Where is the easiest place to get a 12v ignition controlled feed for my satellite dish?

It's on a 2010 Fiat Ducato chassis.

Richard


----------



## aultymer (Jun 20, 2006)

Ours had the wires pre wired into the wardrobe.


----------



## bjandlin (Sep 15, 2009)

*ignition feed*

Why ignition switched? I would think you need A permanent feed from the leisure battery. Maybe a spare on the charge / distribution box ? not sure how a Rapido is wired.
Barrie


----------



## RichardD (Sep 14, 2009)

I need an ignition controlled 12 volts so that it will lower the sat dish when you turn on ignition.

Yes, there is an accessory connector in the wardrobe but having put a voltmeter on it and then switching ignition on and off, I get no voltage readings.

Anyone with a CBE DS520 wiring diagram?

Richard


----------



## Techno100 (May 8, 2010)

The connection point in the wardrobe is made live by AUX 1 button on your control panel or it is on mine/similar.
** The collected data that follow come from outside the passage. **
(* For a in [0, u2], the map s |-> I(s)(a) is affine from the states of E1 into
   [0, 1], so unrestrictedness of E1 represents it as s |-> s(b) for some b in
   E1; since the states of E1 are order-determining, they separate points and b
   is unique. This b is the dual I*(a). Affinity of I*, uniqueness and the
   channel criterion I*(u2) = u1 are then identities between state values,
   checked by separation; they rely on states being affine on an effect
   interval, which holds because t |-> s(t x) is additive and nonnegative on
   [0, 1], hence linear. *)

Lemma eq0_of_natmul_norm_bounded (R : archiRealFieldType) (x c : R) :
  (forall n : nat, n.+1%:R * `|x| <= c) -> x = 0.
Proof.
move=> bounded; apply/eqP/negPn/negP => x_neq0.
have x_gt0 : 0 < `|x| by rewrite normr_gt0.
have := bounded (Num.truncn (c / `|x|)).
by rewrite -ler_pdivlMr // leNgt truncnS_gt.
Qed.

Section AdditiveOnUnitInterval.
Variables (R : archiRealFieldType) (f : R -> R).
Hypothesis f_ge0 : forall t, 0 <= t <= 1 -> 0 <= f t.
Hypothesis fD : forall t t', 0 <= t -> 0 <= t' -> t + t' <= 1 -> f (t + t') = f t + f t'.

Lemma additive01_0 : f 0 = 0.
Proof. by have := @fD 0 0; rewrite addr0 lexx ler01 => /(_ isT isT isT); lra. Qed.

Lemma additive01_le t t' : 0 <= t -> t <= t' -> t' <= 1 -> f t <= f t'.
Proof.
move=> t_ge0 le_tt' t'_le1.
have -> : t' = t + (t' - t) by rewrite subrKC.
by rewrite fD ?subr_ge0 ?subrKC // lerDl f_ge0 //; apply/andP; split; lra.
Qed.

Lemma additive01_nat n k : (k <= n.+1)%N -> f (k%:R / n.+1%:R) = k%:R * f n.+1%:R^-1.
Proof.
elim: k => [|k IHk] lt_kn; first by rewrite !mul0r additive01_0.
have N_gt0 : 0 < n.+1%:R :> R by rewrite ltr0n.
have split_k : k.+1%:R / n.+1%:R = k%:R / n.+1%:R + n.+1%:R^-1 :> R.
  by rewrite -[in LHS]natr1 mulrDl mul1r.
rewrite split_k fD ?IHk 1?ltnW ?divr_ge0 ?invr_ge0 ?ler0n //.
  by rewrite -[in RHS]natr1 mulrDl mul1r.
by rewrite -split_k ler_pdivrMr // mul1r ler_nat.
Qed.

Lemma additive01_frac n k : (k <= n.+1)%N -> f (k%:R / n.+1%:R) = k%:R / n.+1%:R * f 1.
Proof.
move=> le_kn; have N_neq0 : n.+1%:R != 0 :> R by rewrite pnatr_eq0.
have := additive01_nat (leqnn n.+1); rewrite divff // => ->.
by rewrite additive01_nat // mulrA divfK.
Qed.

Lemma additive01_lower n t : 0 <= t <= 1 -> (t - n.+1%:R^-1) * f 1 <= f t.
Proof.
case/andP=> t_ge0 t_le1; have N_gt0 : 0 < n.+1%:R :> R by rewrite ltr0n.
set k := Num.truncn (t * n.+1%:R).
have /andP[k_le k_gt] : k%:R <= t * n.+1%:R < k.+1%:R.
  by apply: truncn_itv; exact: mulr_ge0 t_ge0 (ltW N_gt0).
have le_kn : (k <= n.+1)%N.
  by rewrite -(ler_nat R) (le_trans k_le) //; nra.
have le_k_t : k%:R / n.+1%:R <= t by rewrite ler_pdivrMr.
apply: le_trans (additive01_le _ le_k_t t_le1); last by rewrite divr_ge0 ?ler0n ?ltW.
rewrite additive01_frac // ler_wpM2r ?f_ge0 ?ler01 ?lexx //.
have -> : t - n.+1%:R^-1 = (t * n.+1%:R - 1) / n.+1%:R.
  by rewrite mulrBl mulfK ?gt_eqF // mul1r.
by rewrite ler_pM2r ?invr_gt0 //; move: k_gt; rewrite -natr1; lra.
Qed.

Lemma additive01_linear t : 0 <= t <= 1 -> f t = t * f 1.
Proof.
move=> t01; have t'01 : 0 <= 1 - t <= 1 by case/andP: t01 => *; apply/andP; split; lra.
apply/eqP; rewrite -subr_eq0; apply/eqP.
apply: (eq0_of_natmul_norm_bounded (c := f 1)) => n.
have N_gt0 : 0 < n.+1%:R :> R by rewrite ltr0n.
have ft_f1t : f t + f (1 - t) = f 1.
  by case/andP: t01 => *; rewrite -fD ?subrKC // subr_ge0.
have bound : `|f t - t * f 1| <= n.+1%:R^-1 * f 1.
  move: (additive01_lower n t01) (additive01_lower n t'01).
  by rewrite ler_norml !mulrBl mul1r; set e := _^-1 * f 1; lra.
by rewrite -(ler_pM2l N_gt0) mulrA divff ?mul1r ?gt_eqF in bound.
Qed.

End AdditiveOnUnitInterval.

Section IntervalEffectAlgebra.
Variables (R : realType) (V : lmodType R) (K : V -> Prop) (u : V).
Hypotheses (hK : positive_cone K) (huK : K u).

Lemma coneZ r x : 0 <= r -> K x -> K (r *: x).
Proof. by case: hK => Z _ _; apply: Z. Qed.

Lemma coneD x y : K x -> K y -> K (x + y).
Proof. by case: hK => _ D _; apply: D. Qed.

Lemma cone0 : K 0.
Proof. by rewrite -(scale0r u); apply: coneZ. Qed.

Lemma cone_le_refl x : cone_le K x x.
Proof. by rewrite /cone_le subrr; apply: cone0. Qed.

Lemma eff_interval0 : eff_interval K u 0.
Proof. by split; [apply: cone0 | rewrite /cone_le subr0]. Qed.

Lemma eff_interval_unit : eff_interval K u u.
Proof. by split=> //; apply: cone_le_refl. Qed.

Lemma eff_interval_conv t x y : 0 <= t <= 1 ->
  eff_interval K u x -> eff_interval K u y -> eff_interval K u (t *: x + (1 - t) *: y).
Proof.
case/andP=> t_ge0 t_le1 [Kx le_xu] [Ky le_yu].
have t'_ge0 : 0 <= 1 - t by rewrite subr_ge0.
split; first by apply: coneD; apply: coneZ.
rewrite /cone_le; have -> : u - (t *: x + (1 - t) *: y) = t *: (u - x) + (1 - t) *: (u - y).
  by rewrite !scalerBr opprD addrACA -scalerDl subrKC scale1r.
by apply: coneD; apply: coneZ.
Qed.

Lemma eff_intervalZ t x : 0 <= t <= 1 -> eff_interval K u x -> eff_interval K u (t *: x).
Proof.
move=> t01 Ex; have := eff_interval_conv t01 Ex eff_interval0.
by rewrite scaler0 addr0.
Qed.

Lemma eq_by_states a b : order_determining K u ->
  eff_interval K u a -> eff_interval K u b ->
  (forall s, is_state K u s -> s a = s b) -> a = b.
Proof.
move=> od Ea Eb sab; case: hK => _ _ pointed.
have le_ab : cone_le K a b by apply/(od a b Ea Eb) => s /sab ->.
have le_ba : cone_le K b a by apply/(od b a Eb Ea) => s /sab ->.
by apply/eqP; rewrite -subr_eq0; apply/eqP/pointed; rewrite // opprB.
Qed.

Section State.
Variable s : V -> R.
Hypothesis hs : is_state K u s.

Lemma state_range a : eff_interval K u a -> 0 <= s a <= 1.
Proof. by case: hs => range _ _ _; apply: range. Qed.

Lemma state_unit : s u = 1.
Proof. by case: hs. Qed.

Lemma stateD a b : eff_interval K u a -> eff_interval K u b -> cone_le K (a + b) u ->
  s (a + b) = s a + s b.
Proof. by case: hs => _ _ D _; apply: D. Qed.

Lemma stateZ t x : 0 <= t <= 1 -> eff_interval K u x -> s (t *: x) = t * s x.
Proof.
move=> t01 Ex; rewrite -[in RHS](scale1r x).
apply: (@additive01_linear _ (fun t => s (t *: x))) => // [r r01|r r' r_ge0 r'_ge0 le_rr'1].
  by case/andP: (state_range (eff_intervalZ r01 Ex)).
have r01 : 0 <= r <= 1 by apply/andP; split; lra.
have r'01 : 0 <= r' <= 1 by apply/andP; split; lra.
have rr'01 : 0 <= r + r' <= 1 by apply/andP; split; lra.
have [_ le_u] := eff_intervalZ rr'01 Ex; rewrite scalerDl in le_u.
by rewrite scalerDl stateD //; apply: eff_intervalZ.
Qed.

Lemma state_conv t a b : 0 <= t <= 1 -> eff_interval K u a -> eff_interval K u b ->
  s (t *: a + (1 - t) *: b) = t * s a + (1 - t) * s b.
Proof.
move=> t01 Ea Eb; have t'01 : 0 <= 1 - t <= 1.
  by case/andP: t01 => *; apply/andP; split; lra.
have [_ le_u] := eff_interval_conv t01 Ea Eb.
by rewrite stateD ?stateZ //; apply: eff_intervalZ.
Qed.

End State.

Lemma substate_range f a : is_substate K u f -> eff_interval K u a -> 0 <= f a <= 1.
Proof.
case=> l [s [/andP[l_ge0 l_le1] [hs ->]]] /(state_range hs) /andP[sa_ge0 sa_le1].
by rewrite mulr_ge0 //= mulr_ile1.
Qed.

Lemma substate_conv f t a b : is_substate K u f -> 0 <= t <= 1 ->
  eff_interval K u a -> eff_interval K u b ->
  f (t *: a + (1 - t) *: b) = t * f a + (1 - t) * f b.
Proof. by case=> l [s [_ [hs ->]]] t01 Ea Eb; rewrite state_conv //; ring. Qed.

Lemma substate_unit_state f : is_substate K u f -> f u = 1 -> is_state K u f.
Proof.
case=> l [s [_ [hs ->]]]; rewrite state_unit // mulr1 => ->.
by have -> : (fun x => 1 * s x) = s by apply: functional_extensionality => x; rewrite mul1r.
Qed.

End IntervalEffectAlgebra.

Section OperationDual.
Variables (R : realType) (V1 V2 : lmodType R).
Variables (K1 : V1 -> Prop) (u1 : V1) (K2 : V2 -> Prop) (u2 : V2).
Hypotheses (hK1 : positive_cone K1) (hu1K : K1 u1) (hK2 : positive_cone K2) (hu2K : K2 u2).
Hypotheses (hod1 : order_determining K1 u1) (hun1 : unrestricted K1 u1).
Variable I : (V1 -> R) -> (V2 -> R).
Hypothesis hI : is_operation K1 u1 K2 u2 I.

Definition is_dual_point (a : V2) (b : V1) : Prop :=
  eff_interval K1 u1 b /\ forall s, is_state K1 u1 s -> s b = I s a.

Lemma exists_dual_point a : eff_interval K2 u2 a -> exists b, is_dual_point a b.
Proof.
case: hI => substate_I affine_I Ea.
have range_Ia s : is_state K1 u1 s -> 0 <= I s a <= 1.
  by move/substate_I/substate_range; apply.
have affine_Ia s1 s2 t : is_state K1 u1 s1 -> is_state K1 u1 s2 -> 0 <= t <= 1 ->
    I (fconv t s1 s2) a = t * I s1 a + (1 - t) * I s2 a.
  by move=> hs1 hs2 t01; rewrite affine_I.
have [b [Eb sbE]] := hun1 range_Ia affine_Ia.
by exists b; split=> // s hs; rewrite sbE.
Qed.

(* Off the interval [0, u2] the value is an unspecified choice. *)
Definition operation_dual (a : V2) : V1 := epsilon (inhabits 0) (is_dual_point a).

Lemma operation_dualP a : eff_interval K2 u2 a -> is_dual_point a (operation_dual a).
Proof. by move/exists_dual_point; apply: epsilon_spec. Qed.

Lemma operation_dual_affine : affine_between K2 u2 K1 u1 operation_dual.
Proof.
split=> [a /operation_dualP [] //|a b t Ea Eb t01].
have [Ja sJa] := operation_dualP Ea; have [Jb sJb] := operation_dualP Eb.
have Ec := eff_interval_conv hK2 t01 Ea Eb.
have [Jc sJc] := operation_dualP Ec.
apply: (eq_by_states hK1 hod1) => // [|s hs]; first exact: eff_interval_conv.
case: hI => substate_I _.
rewrite sJc // (state_conv hK1 hu1K hs t01 Ja Jb) sJa // sJb //.
by rewrite (substate_conv hK2 hu2K (substate_I s hs)).
Qed.

Lemma dual_of_operation_dual : dual_of K1 u1 K2 u2 I operation_dual.
Proof.
split; first exact: operation_dual_affine.
by move=> s a hs /operation_dualP [_ ->].
Qed.

Lemma dual_of_unique J a : dual_of K1 u1 K2 u2 I J -> eff_interval K2 u2 a ->
  J a = operation_dual a.
Proof.
move=> [[EJ _] sJ] Ea; have [EJ' sJ'] := operation_dualP Ea.
by apply: (eq_by_states hK1 hod1) => // [|s hs]; rewrite ?sJ ?sJ' //; apply: EJ.
Qed.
There are 3 terminals at the connection point +ve -ve and I imagine the other is the ignition signal


----------



## Fatalhud (Mar 3, 2006)

12volt fridge supply/ Split charge relay then fused down 

Alan H


----------



## Techno100 (May 8, 2010)

Also my AUX 2 button supplies the cab radio when ignition is off.


----------



## WildThingsKev (Dec 29, 2009)

If you have a CBE panel there is an ignition signal wire going into the 12v supply panel, either the red or the white wire, but it is in the manual.

I've always wondered about the wardrobe socket.

Hey Techno, I see Nuke has created a new forum section just for you Motorhome Mod's

Kev


----------



## eddievanbitz (May 1, 2005)

RichardD said:


> I need an ignition controlled 12 volts so that it will lower the sat dish when you turn on ignition.
> 
> Yes, there is an accessory connector in the wardrobe but having put a voltmeter on it and then switching ignition on and off, I get no voltage readings.
> 
> ...


Try it when the engine is running

Eddie


----------